The first year of the Best Seller list saw 55 manga titles and one light novel title make their appearances. Of these, eight titles reached the top of the weekly list (in order of number of weeks at the top of the list, from highest to lowest): Naruto, 18 weeks; Bleach, 9 weeks; Vampire Knight, 7 weeks; Fruits Basket, Pokémon Special, 4 weeks; Negima!, 3 weeks; Chibi Vampire, 1 week; Fullmetal Alchemist, 1 week; and Warriors: Ravenpaw's Path, 1 week. Naruto and Warriors: Ravenpaw's Path were the only two titles to reach the top rank on the week of their debut.

The Best Seller list debuted at a time when the release schedule of Naruto was being accelerated; its releases occupied a majority of the first weekly top ten rankings. Junjo Romantica became the first yaoi (boys' love) title to enter the Best Seller list when it debuted in week 28. Death Notes L: Change the World became the first light novel to enter the top ten rankings in week 43. Adam Kepler noted that vampire literature had become popular over the previous year, and he featured Vampire Knight in the introduction to the week 46 list.
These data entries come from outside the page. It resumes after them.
(* Modulo the relations in positions p, p+1, the tensor u_l (x) u_m with l < m
   straightens into a combination of the u_t (x) u_(l+m-t) with l < t <= m, and
   u_k (x) u_k vanishes.  For 0 < m - l < N L the straightening is a single
   relation cT_p - sT_p applied to one basis tensor; a larger gap is reduced by
   writing u_l (x) u_m through (z_p + z_(p+1)) (u_(l+NL) (x) u_m), since
   multiplication by the symmetric polynomial z_p + z_(p+1) preserves the
   relations.
   In u_m /\ u_(m-1) /\ ... /\ u_l /\ u_m, straightening the last pair gives
   terms in which u_t, l < t <= m, follows u_m /\ ... /\ u_(l+1); each contains
   the shorter block u_t /\ ... /\ u_(l+1) /\ u_t, and induction on the length
   of the block ends with u_k /\ u_k = 0.  The second wedge is treated in the
   same way, straightening its first pair. *)

Lemma qK_neq0 N : qK N != 0.
Proof. by rewrite /qK /tK expf_neq0 // tofrac_eq0 polyX_eq0. Qed.

Lemma onerD_qK2_neq0 N : (0 < N)%N -> 1 + qK N ^+ 2 != 0.
Proof.
move=> N_gt0; rewrite /qK /tK -exprM -tofracXn -tofrac1 -tofracD tofrac_eq0.
apply/eqP => /(congr1 (fun P : {poly rat} => P`_0)).
rewrite coefD coef1 coefXn coef0 /= eq_sym !muln_eq0 (gtn_eqF N_gt0) addr0.
by move/eqP; rewrite oner_eq0.
Qed.

Section Labels.
Variables (N L : nat) (N_gt0 : (0 < N)%N) (L_gt0 : (0 < L)%N).

(* A label (level, colour, spin) is the basis vector z^level e_(colour+1) v_(spin+1). *)
Definition label := ((int * 'I_L) * 'I_N)%type.

Definition kbar0 (k : int) : int := ((k - 1) %% N%:Z)%Z.
Definition kdot0 (k : int) : int := ((- ((k - 1) %/ N%:Z)%Z - 1) %% L%:Z)%Z.

Lemma kbar0_ge0 k : 0 <= kbar0 k.
Proof. by rewrite /kbar0 modz_ge0 // eqz_nat -lt0n. Qed.
Lemma kdot0_ge0 k : 0 <= kdot0 k.
Proof. by rewrite /kdot0 modz_ge0 // eqz_nat -lt0n. Qed.
Lemma kbar0_lt k : (`|kbar0 k| < N)%N.
Proof. by rewrite -ltz_nat gez0_abs ?kbar0_ge0 // ltz_pmod. Qed.
Lemma kdot0_lt k : (`|kdot0 k| < L)%N.
Proof. by rewrite -ltz_nat gez0_abs ?kdot0_ge0 // ltz_pmod. Qed.

Definition label_of (k : int) : label :=
  ((kunder N L k, Ordinal (kdot0_lt k)), Ordinal (kbar0_lt k)).
Definition index_of (x : label) : int :=
  (x.2 : nat)%:Z + 1 - N%:Z * ((x.1.2 : nat)%:Z + 1 + L%:Z * x.1.1).

Lemma label_ofK : cancel label_of index_of.
Proof.
move=> k; rewrite /index_of /= !gez0_abs ?kbar0_ge0 ?kdot0_ge0 // /kbar0 /kdot0 /kunder.
set Q := ((k - 1) %/ N%:Z)%Z.
have Ek := divz_eq (k - 1) N%:Z; have EQ := divz_eq (- Q - 1) L%:Z.
rewrite -/Q in Ek.
set R := ((- Q - 1) %/ L%:Z)%Z in EQ *; set C := ((- Q - 1) %% L%:Z)%Z in EQ *.
have -> : C + 1 + L%:Z * R = - Q by rewrite [L%:Z * R]mulrC; lra.
rewrite mulrN; lra.
Qed.

Lemma index_ofK : cancel index_of label_of.
Proof.
case=> [[u c] e]; have NZ : N%:Z != 0 by rewrite eqz_nat -lt0n.
have LZ : L%:Z != 0 by rewrite eqz_nat -lt0n.
have /andP[e_ge0 e_lt] : 0 <= (e : nat)%:Z < N%:Z by have := ltn_ord e; lia.
have /andP[c_ge0 c_lt] : 0 <= (c : nat)%:Z < L%:Z by have := ltn_ord c; lia.
have Ek : (index_of ((u, c), e) - 1 = - ((c : nat)%:Z + 1 + L%:Z * u) * N%:Z + (e : nat)%:Z)%R.
  by rewrite /index_of /=; ring.
have EQ : (- ((index_of ((u, c), e) - 1) %/ N%:Z)%Z - 1 = u * L%:Z + (c : nat)%:Z)%R.
  by rewrite Ek divzMDl // divz_small ?addr0 ?gez0_abs //; ring.
rewrite /label_of /kunder EQ divzMDl // divz_small ?addr0 ?gez0_abs //.
congr (_, _); [congr (_, _)|]; apply: val_inj => /=.
  by rewrite /kdot0 EQ modzMDl modz_small.
by rewrite /kbar0 Ek modzMDl modz_small.
Qed.

Definition NL : int := N%:Z * L%:Z.

Lemma NL_gt0 : 0 < NL.
Proof. by rewrite /NL mulr_gt0 // ltz_nat. Qed.

Definition raise (i : int) (x : label) : label := ((x.1.1 + i, x.1.2), x.2).

Lemma index_of_raise i x : index_of (raise i x) = index_of x - NL * i.
Proof. by rewrite /index_of /raise /NL /=; ring. Qed.

Lemma label_of_subNL k : label_of (k - NL) = raise 1 (label_of k).
Proof. by rewrite -[RHS]index_ofK index_of_raise label_ofK mulr1. Qed.

Lemma index_ofE (u : int) (c : 'I_L) (e : 'I_N) :
  index_of ((u, c), e) = (e : nat)%:Z + 1 - N%:Z * ((c : nat)%:Z + 1) - NL * u.
Proof. by rewrite /index_of /NL /=; ring. Qed.

Lemma Nz_gt0 : 0 < N%:Z. Proof. by rewrite ltz_nat. Qed.

(* colours scaled by N: the facts lia needs about the nonlinear monomials N * c *)
Lemma colour_scaled (c : 'I_L) : 0 <= N%:Z * (c : nat)%:Z /\ N%:Z * (c : nat)%:Z + N%:Z <= NL.
Proof.
split; first by rewrite mulr_ge0 // ltW // Nz_gt0.
rewrite /NL -[X in _ + X]mulr1 -mulrDr; apply: ler_wpM2l; first exact: ltW Nz_gt0.
by have := ltn_ord c; lia.
Qed.

Lemma colour_lt_scaled (c d : 'I_L) :
  (c < d)%N -> N%:Z * (c : nat)%:Z + N%:Z <= N%:Z * (d : nat)%:Z.
Proof.
move=> lt_cd; rewrite -[X in _ + X]mulr1 -mulrDr; apply: ler_wpM2l; first exact: ltW Nz_gt0.
by lia.
Qed.

Lemma index_of_level_bounds (x : label) :
  - (NL * x.1.1) - NL < index_of x <= - (NL * x.1.1).
Proof.
case: x => [[u c] e]; rewrite index_ofE /=.
by have [c0 cL] := colour_scaled c; have := ltn_ord e; lia.
Qed.

Lemma level_of_small_gap (x y : label) : index_of x < index_of y < index_of x + NL ->
  x.1.1 = y.1.1 \/ x.1.1 = y.1.1 + 1%:Z.
Proof.
move=> /andP[lt_xy lt_NL]; have NL_pos := NL_gt0.
have /andP[x_lo x_hi] := index_of_level_bounds x; have /andP[y_lo y_hi] := index_of_level_bounds y.
have : y.1.1 < x.1.1 + 1 by rewrite -(ltr_pM2l NL_pos) mulrDr mulr1; lia.
have : x.1.1 < y.1.1 + 2%:Z by rewrite -(ltr_pM2l NL_pos) mulrDr; lia.
by lia.
Qed.

End Labels.

Section Tensors.
Variables N L n : nat.
Local Notation Idx := (Idx N L n).
Local Notation Vt := (Vt N L n).

Lemma shiftzD r a b (y : Idx) : shiftz r a (shiftz r b y) = shiftz r (b + a) y.
Proof. by apply/ffunP => j; rewrite !ffunE; case: eqP => //= _; rewrite addrA. Qed.

Lemma shiftzC r s a b (y : Idx) : shiftz r a (shiftz s b y) = shiftz s b (shiftz r a y).
Proof.
apply/ffunP => j; rewrite !ffunE.
by case: eqP => Hr; case: eqP => Hs //=; rewrite addrAC.
Qed.

Lemma shiftz0 r (y : Idx) : shiftz r 0 y = y.
Proof.
apply/ffunP => j; rewrite !ffunE; case: eqP => //= _.
by rewrite addr0; case: (y j) => [[]].
Qed.

Lemma finsupp0 : finsupp (fun _ : Idx => 0).
Proof. by exists [::]. Qed.

Lemma finsupp_map2 (h : Kf -> Kf -> Kf) (f1 f2 : Vt) : h 0 0 = 0 ->
  finsupp f1 -> finsupp f2 -> finsupp (fun y => h (f1 y) (f2 y)).
Proof.
move=> h00 [s1 H1] [s2 H2]; exists (s1 ++ s2) => y.
by rewrite mem_cat negb_or => /andP[/H1 -> /H2 ->].
Qed.

Lemma finsupp_add (f1 f2 : Vt) : finsupp f1 -> finsupp f2 -> finsupp (fun y => f1 y + f2 y).
Proof. by apply: (@finsupp_map2 +%R); rewrite addr0. Qed.

Lemma finsupp_lin (f1 f2 : Vt) c :
  finsupp f1 -> finsupp f2 -> finsupp (fun y => f1 y + c * f2 y).
Proof. by apply: (@finsupp_map2 (fun a b => a + c * b)); rewrite mulr0 addr0. Qed.

Lemma finsupp_mulz r (f : Vt) : finsupp f -> finsupp (mulz r f).
Proof.
move=> [s H]; exists (map (shiftz r 1) s) => y Hy; apply: H.
apply: contra Hy => Hs; rewrite -[y](shiftz0 r) -(addNr 1) -shiftzD.
exact: map_f.
Qed.

Lemma insub_ord r (r_lt : (r < n)%N) : insub r = Some (Ordinal r_lt).
Proof. by rewrite insubT. Qed.

(* [ebasis b] is the basis tensor whose j-th factor has label [b j]; the values
   of [b] beyond n - 1 are irrelevant. *)
Definition idx_of (b : nat -> label N L) : Idx := [ffun j : 'I_n => b (j : nat)].
Definition ebasis (b : nat -> label N L) : Vt := fun y => if y == idx_of b then 1 else 0.

Lemma ebasis_can (f g : Idx -> Idx) b b' y : cancel f g -> cancel g f ->
  g (idx_of b) = idx_of b' -> ebasis b (f y) = ebasis b' y.
Proof.
by move=> fK gK gb; rewrite /ebasis -[in f y == _](gK (idx_of b)) (can_eq fK) gb.
Qed.

Section Adjacent.
Variable p : nat.
Let p_neqS : (p == p.+1) = false := ltn_eqF (ltnSn p).
Let pS_neq : (p.+1 == p) = false := gtn_eqF (ltnSn p).

Definition shift2 (i j : nat) (y : Idx) : Idx :=
  shiftz p (- i%:Z) (shiftz p.+1 (- j%:Z) y).
Definition unshift2 (i j : nat) (y : Idx) : Idx :=
  shiftz p i%:Z (shiftz p.+1 j%:Z y).

Lemma shift2K i j : cancel (shift2 i j) (unshift2 i j).
Proof.
move=> y; rewrite /unshift2 /shift2 [shiftz p.+1 _ (shiftz p _ _)]shiftzC.
by rewrite !shiftzD !addNr !shiftz0.
Qed.

Lemma unshift2K i j : cancel (unshift2 i j) (shift2 i j).
Proof.
move=> y; rewrite /unshift2 /shift2 [shiftz p.+1 _ (shiftz p _ _)]shiftzC.
by rewrite !shiftzD !addrN !shiftz0.
Qed.

Lemma shift200 y : shift2 0 0 y = y.
Proof. by rewrite /shift2 !oppr0 !shiftz0. Qed.

Lemma shiftz_shift2 i j y : shiftz p (-1) (shift2 i j y) = shift2 i.+1 j y.
Proof. by rewrite /shift2 shiftzD; congr shiftz; lia. Qed.

Lemma shiftzS_shift2 i j y : shiftz p.+1 (-1) (shift2 i j y) = shift2 i j.+1 y.
Proof. by rewrite /shift2 shiftzC shiftzD; congr shiftz; congr shiftz; lia. Qed.

Lemma eidx_shift2 i j y r : eidx (shift2 i j y) r = eidx y r.
Proof. by rewrite /eidx; case: insubP => // u _ _; rewrite !ffunE; do 2 case: eqP. Qed.

Lemma vidx_shift2 i j y r : vidx (shift2 i j y) r = vidx y r.
Proof. by rewrite /vidx; case: insubP => // u _ _; rewrite !ffunE; do 2 case: eqP. Qed.

Definition raise2 (i j : nat) (b : nat -> label N L) : nat -> label N L :=
  fun r => if r == p then raise i%:Z (b r) else if r == p.+1 then raise j%:Z (b r) else b r.
Definition swap_ze (b : nat -> label N L) : nat -> label N L :=
  fun r => if r == p then ((b p.+1).1, (b p).2)
           else if r == p.+1 then ((b p).1, (b p.+1).2) else b r.
Definition swap_e (b : nat -> label N L) : nat -> label N L :=
  fun r => if r == p then (((b p).1.1, (b p.+1).1.2), (b p).2)
           else if r == p.+1 then (((b p.+1).1.1, (b p).1.2), (b p.+1).2) else b r.
Definition swap_v (b : nat -> label N L) : nat -> label N L :=
  fun r => if r == p then ((b p).1, (b p.+1).2)
           else if r == p.+1 then ((b p.+1).1, (b p).2) else b r.

Ltac label_tac :=
  let r := fresh "r" in let E1 := fresh "E" in let E2 := fresh "E" in
  apply: functional_extensionality => r;
  rewrite /raise2 /swap_ze /swap_e /swap_v /=;
  case: (eqVneq r p) => [E1|E1]; last case: (eqVneq r p.+1) => [E2|E2];
  rewrite ?E1 ?E2 ?eqxx ?p_neqS ?pS_neq //=.

Lemma swap_e_raise2 i j b : swap_e (raise2 i j b) = raise2 i j (swap_e b).
Proof. by label_tac. Qed.

Lemma swap_ze_raise2 i j b : swap_ze (raise2 i j b) = raise2 j i (swap_ze b).
Proof. by label_tac. Qed.

Lemma raise2D i j i' j' b : raise2 i j (raise2 i' j' b) = raise2 (i' + i) (j' + j) b.
Proof. by label_tac; rewrite /raise /= PoszD addrA. Qed.

Lemma raise2_colour i j b r : (raise2 i j b r).1.2 = (b r).1.2.
Proof. by rewrite /raise2; case: ifP => _; last case: ifP. Qed.

Lemma swap_eK : involutive swap_e.
Proof. by move=> b; label_tac; case: (b _) => [[]]. Qed.

Lemma swap_e_id b : (b p).1.2 = (b p.+1).1.2 -> swap_e b = b.
Proof. by move=> E; label_tac; [rewrite -E | rewrite E]; case: (b _) => [[]]. Qed.

Lemma swap_ze_level b : (b p).1.1 = (b p.+1).1.1 -> swap_ze b = swap_e b.
Proof.
move=> E; label_tac; move: E;
  by case: (b p) => [[? ?] ?]; case: (b p.+1) => [[? ?] ?] /= ->.
Qed.

Lemma swap_ze_eK b : (b p).1.1 = (b p.+1).1.1 -> swap_ze (swap_e b) = b.
Proof.
move=> E; label_tac; move: E;
  by case: (b p) => [[? ?] ?]; case: (b p.+1) => [[? ?] ?] /= ->.
Qed.

Hypothesis p1_lt : (p.+1 < n)%N.
Let p_lt : (p < n)%N := ltnW p1_lt.

Ltac ordcase j :=
  let E := fresh "E" in let E2 := fresh "E" in
  case: (eqVneq (j : nat) p) => E;
  [ have -> : j = Ordinal p_lt by apply: val_inj
  | case: (eqVneq (j : nat) p.+1) => E2;
    [ have -> : j = Ordinal p1_lt by apply: val_inj |] ];
  rewrite /= ?eqxx ?p_neqS ?pS_neq ?E ?E2 //=.

Ltac swap_tac :=
  let r := fresh "r" in
  apply/ffunP => r; rewrite ?(insub_ord p_lt) ?(insub_ord p1_lt) !ffunE;
  by ordcase r; rewrite ?ffunE /= ?eqxx ?p_neqS ?pS_neq.

Lemma swapze_shift2 i j y :
  swapze p p.+1 (shift2 i j y) = shift2 j i (swapze p p.+1 y).
Proof. rewrite /swapze /shift2; swap_tac. Qed.

Lemma swape_shift2 i j y : swape p p.+1 (shift2 i j y) = shift2 i j (swape p p.+1 y).
Proof. rewrite /swape /shift2; swap_tac. Qed.

Lemma swapv_shift2 i j y : swapv p p.+1 (shift2 i j y) = shift2 i j (swapv p p.+1 y).
Proof. rewrite /swapv /shift2; swap_tac. Qed.

Lemma eidx_swapze_l (y : Idx) : eidx (swapze p p.+1 y) p = eidx y p.+1.
Proof. by rewrite /eidx /swapze (insub_ord p_lt) (insub_ord p1_lt) !ffunE /= eqxx. Qed.

Lemma eidx_swapze_r (y : Idx) : eidx (swapze p p.+1 y) p.+1 = eidx y p.
Proof. by rewrite /eidx /swapze (insub_ord p_lt) (insub_ord p1_lt) !ffunE /= eqxx pS_neq. Qed.

Lemma swapzeK : involutive (@swapze N L n p p.+1).
Proof.
move=> y; apply/ffunP => r; rewrite /swapze (insub_ord p_lt) (insub_ord p1_lt) !ffunE.
by ordcase r; rewrite ?ffunE /= ?eqxx ?p_neqS ?pS_neq //; case: (y _).
Qed.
It was the first manga title to be featured in the introduction which accompanies list.

==2010==

A total of 389 manga titles, one light novel title, and one fan book title made their first appearances in 2010. Black Butler, Hetalia: Axis Powers, and Rosario + Vampire: Season II were the only three titles to reach the top rank on the week of their series debut. In this first full year of the Best Seller list, 15 titles reached the top of the weekly list (in order of number of weeks at the top of the list, from highest to lowest): Naruto, 19 weeks; Bleach, 4 weeks; Negima!, 4 weeks; Rosario + Vampire: Season II, 4 weeks; Vampire Knight, 5 weeks; Pokémon Special 4 weeks; Black Bird, 2 weeks; Black Butler, 2 weeks; Fullmetal Alchemist, 2 weeks; Hetalia: Axis Powers, 2 weeks; Maximum Ride, 2 weeks; Warriors: Ravenpaw's Path, 2 weeks; Yu-Gi-Oh! GX, 2 weeks; Alice in the Country of Hearts, 1 week; Tsubasa: Reservoir Chronicle, 1 week; and Ouran High School Host Club, 1 week.

Black Butler was the first release published by Yen Press to reach the top rank. Gustines observed that the week 45 releases of Bakuman, D.Gray-man, and Otomen demonstrated the diversity of the Viz Media's publishing line. Bakuman features a slice of life story, D.Gray-man contains demon-slaying, while Otomen is a romance series. Viz Media also introduced an aggressive release schedule for One Piece in 2010, releasing five volumes per month between January and June to bring the volume count of the English release from 24 to 53. On two separate occasions, five One Piece volumes (39–43 in week 15 and 44–48 in week 19) debuted on the Best Seller list simultaneously. Week 19 was also the first time a Naruto release did not appear in the top ten rankings.

==2011==

A total of 18 manga titles have made first appearances in 2011. As of the 33rd week, nine titles reached the top of the weekly list (in order of number of weeks at the top of the list, from highest to lowest): Naruto, 12 weeks; Pokémon Special 11 weeks, Black Bird, 4 weeks; Hetalia: Axis Powers, 4 weeks; Black Butler, 3 weeks; Rosario + Vampire: Season II, 3 weeks; Yu-Gi-Oh! GX, 3 weeks; Negima!, 2 weeks; Fullmetal Alchemist, 1 week; and Maximum Ride, 1 week.

Deb Aoki noted that while the second volume of Hetalia: Axis Powers debuted at the top of the Best Seller list, the series may be selling more than the charts indicate because The New York Times does not include sales from digital download sites such as comiXology and Zinio. Black Butler became the first title other than Naruto to have four different releases listed simultaneously on the rankings in week 5. Week 24 saw a high turnover from the previous week's list as nine new releases, all published by Viz Media, entered the rankings. The high turnover occurred again in week 28 when eight new releases entered the weekly list, with only Naruto and Vampire Knight remaining from the previous week.